When bubbles of the correct size are grown, boiling occurs. In this case, it’s about both radius and temperature. For boiling to occur, the pressure in the bubbles, needs to equal the equivalent pressure of a flat surface, and also the external pressure: $$ p_{ext}=p_v=p_0 $$

For cooling, as the temperature decreases, \(p_0\) decreases as well, in turn increasing \(\frac{P_v}{p_0}\). Since \(\gamma,\:R\) and \(M\) will all be (relatively) constant, \(r\) will have to decrease until it eventually reaches the size of a few molecules, at which point, homonucleation can occur.
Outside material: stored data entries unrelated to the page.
(* [A w b] grows at least linearly in [b]; this makes [alpha_tilde] small for large [b]. *)
Lemma erlang_A_lower w b : 12 <= w -> 0 <= b -> (4 + b) / 48 <= erlang_A w b.
Proof.
  intros Hw Hb.
  destruct (erlang_A_limit w b ltac:(lra) Hb) as [_ H]. eapply Rle_trans; [|apply (H 1); lra].
  assert (E := RInt_Chasles (erlang_integrand w b) 0 (1/2) 1
                 (ex_RInt_erlang w b 0 (1/2) ltac:(lra) ltac:(lra) ltac:(lra))
                 (ex_RInt_erlang w b (1/2) 1 ltac:(lra) ltac:(lra) ltac:(lra))).
  unfold plus in E; simpl in E.
  assert (E0 : 0 <= RInt (erlang_integrand w b) 0 (1/2)).
  { apply RInt_ge_0; [lra|apply ex_RInt_erlang; lra|]. intros; apply erlang_integrand_nonneg; lra. }
  set (v := exp (b / 4 - 3 / 4)).
  assert (Hv : (4 + b) / 12 <= v).
  { unfold v. replace (b / 4 - 3 / 4) with (b / 4 + - (3 / 4)) by ring. rewrite exp_plus, exp_Ropp.
    assert (h1 := exp_ineq1_le (b / 4)).
    assert (h2 : exp (3 / 4) <= 3)
      by (apply Rle_trans with (exp 1); [apply exp_le; lra|apply exp_le_3]).
    assert (h3 := exp_pos (3/4)).
    assert (/ 3 <= / exp (3 / 4)) by (apply Rinv_le_contravar; lra).
    assert (0 <= exp (b / 4)) by (left; apply exp_pos).
    assert (exp (b / 4) * / 3 <= exp (b / 4) * / exp (3 / 4)) by (apply Rmult_le_compat_l; lra).
    lra. }
  (* on [1/2, 1] the exponent is at least [b/4 - 3/4] *)
  assert (E1 : RInt (fun _ => 1 / 2 * v) (1/2) 1 <= RInt (erlang_integrand w b) (1/2) 1).
  { apply RInt_le; [lra|apply ex_RInt_const|apply ex_RInt_erlang; lra|].
    intros s Hs. unfold erlang_integrand, v.
    assert (Hb2 := erlang_exponent_near_gauss w b s ltac:(lra) Hb ltac:(lra)).
    assert (h := Rle_abs (- (erlang_exponent w b s - (b * s - s * s / 2)))).
    rewrite Rabs_Ropp in h.
    assert (Hq : (1 + b) * (s + s * s + s * s * s) / w <= (1 + b) / 4).
    { apply (Rmult_le_reg_r w); [lra|].
      replace ((1 + b) * (s + s * s + s * s * s) / w * w) with ((1 + b) * (s + s * s + s * s * s))
        by (field; lra).
      assert (s + s * s + s * s * s <= 3) by nra. nra. }
    assert (exp (b / 4 - 3 / 4) <= exp (erlang_exponent w b s)) by (apply exp_le; nra).
    assert (0 <= exp (b / 4 - 3 / 4)) by (left; apply exp_pos).
    nra. }
  rewrite RInt_const in E1. unfold scal in E1; simpl in E1; unfold mult in E1; simpl in E1.
  lra.
Qed.

Definition erlang_density (w b : R) : R -> R :=
  fun t => t * exp (- (w * w) * t) * Rpower (1 + t) (w * w + b * w - 1).

Lemma erlang_density_cont w b t : 0 <= t -> continuous (erlang_density w b) t.
Proof.
  intro Ht. apply continuous_of_ex_derive. unfold erlang_density, Rpower. auto_derive. lra.
Qed.

Lemma erlang_density_scale w b c : 0 < w -> 0 <= c ->
  RInt (erlang_density w b) 0 c = RInt (erlang_integrand w b) 0 (c * w) / (w * w).
Proof.
  intros Hw Hc.
  assert (Hex : ex_RInt (erlang_density w b) (/ w * 0 + 0) (/ w * (c * w) + 0)).
  { replace (/ w * 0 + 0) with 0 by ring. replace (/ w * (c * w) + 0) with c by (field; lra).
    apply ex_RInt_of_continuous. intros x Hx. rewrite Rmin_left in Hx by lra.
    apply erlang_density_cont. lra. }
  assert (E := @RInt_comp_lin R_CompleteNormedModule (erlang_density w b) (/ w) 0 0 (c * w) Hex).
  replace (/ w * 0 + 0) with 0 in E by ring.
  replace (/ w * (c * w) + 0) with c in E by (field; lra).
  match type of E with ?L = _ =>
    assert (E3 : L = / (w * w) * RInt (erlang_integrand w b) 0 (c * w)) end.
  { transitivity (RInt (fun y => / (w * w) * erlang_integrand w b y) 0 (c * w)).
    - apply RInt_ext. intros x _. unfold scal; simpl; unfold mult; simpl.
      unfold erlang_density, erlang_integrand, Rpower, erlang_exponent, erlang_n.
      replace (/ w * x + 0) with (x / w) by (field; lra).
      replace ((w * w + b * w - 1) * ln (1 + x / w) - w * x)
        with (- (w * w) * (x / w) + (w * w + b * w - 1) * ln (1 + x / w)) by (field; lra).
      rewrite exp_plus. field. lra.
    - apply RInt_scal_R. apply ex_RInt_erlang; nra. }
  rewrite <- E, E3. match goal with |- ?u = ?v => change (@eq R u v) end. unfold Rdiv. ring.
Qed.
Solubility of Fine Particles

We can also relate the pressure ratio to both solubility ratio and activity as such: $$ \ln\bigg(\frac{p_v}{p_0}\bigg):\ln\bigg(\frac{a}{a_0}\bigg)=(n+m)\ln\bigg(\frac{s}{s_0}\bigg) $$ Using the Kelvin equation, this is determining a relationship between a flat surface of the material and the material with a curvature of radius \(r\).

For example, a general salt will dissociate:

\[ \ce{ A_{m}B_{n} <=> mA^{n+} + nB^{m-}\\ m[B^{m-}]=n[A^{n^+}]\\ K=[A^{n+}]^{m}[B^{m-}]^{n}=[mS]^{n}[nS]^{m} } \]

We can substitute in our solubility relationship and get: $$ (n+m)\ln\bigg(\frac{s}{s_0}\bigg)=\frac{2\gamma}{r}\frac{M}{\rho_{(s)}}\frac{1}{RT} $$ Where \(n\) and \(m\) are your molar coefficients. If the solute is solid and undissociated (not a salt), \(a=S\) and \(n+m=1\). As a result of this, particles less than \(1\:\mu m\) have a different solubility to that of the bulk if the solid. In fact, in a solution, the fine particles will dissolve, while the larger particles grow in a process known as ‘Ostwald ripening’


Following an intuitive approach, \(\ce{AB_{(s)} <=> AB_{(aq)}}\) will happen faster if there is more interface, compared to bulk (colloidal particles have that), allowing for the exchange to be happen more readily than in a larger particle.

This also explains why we care about the equilibrium constant (\(K\)) and why this relates to activity.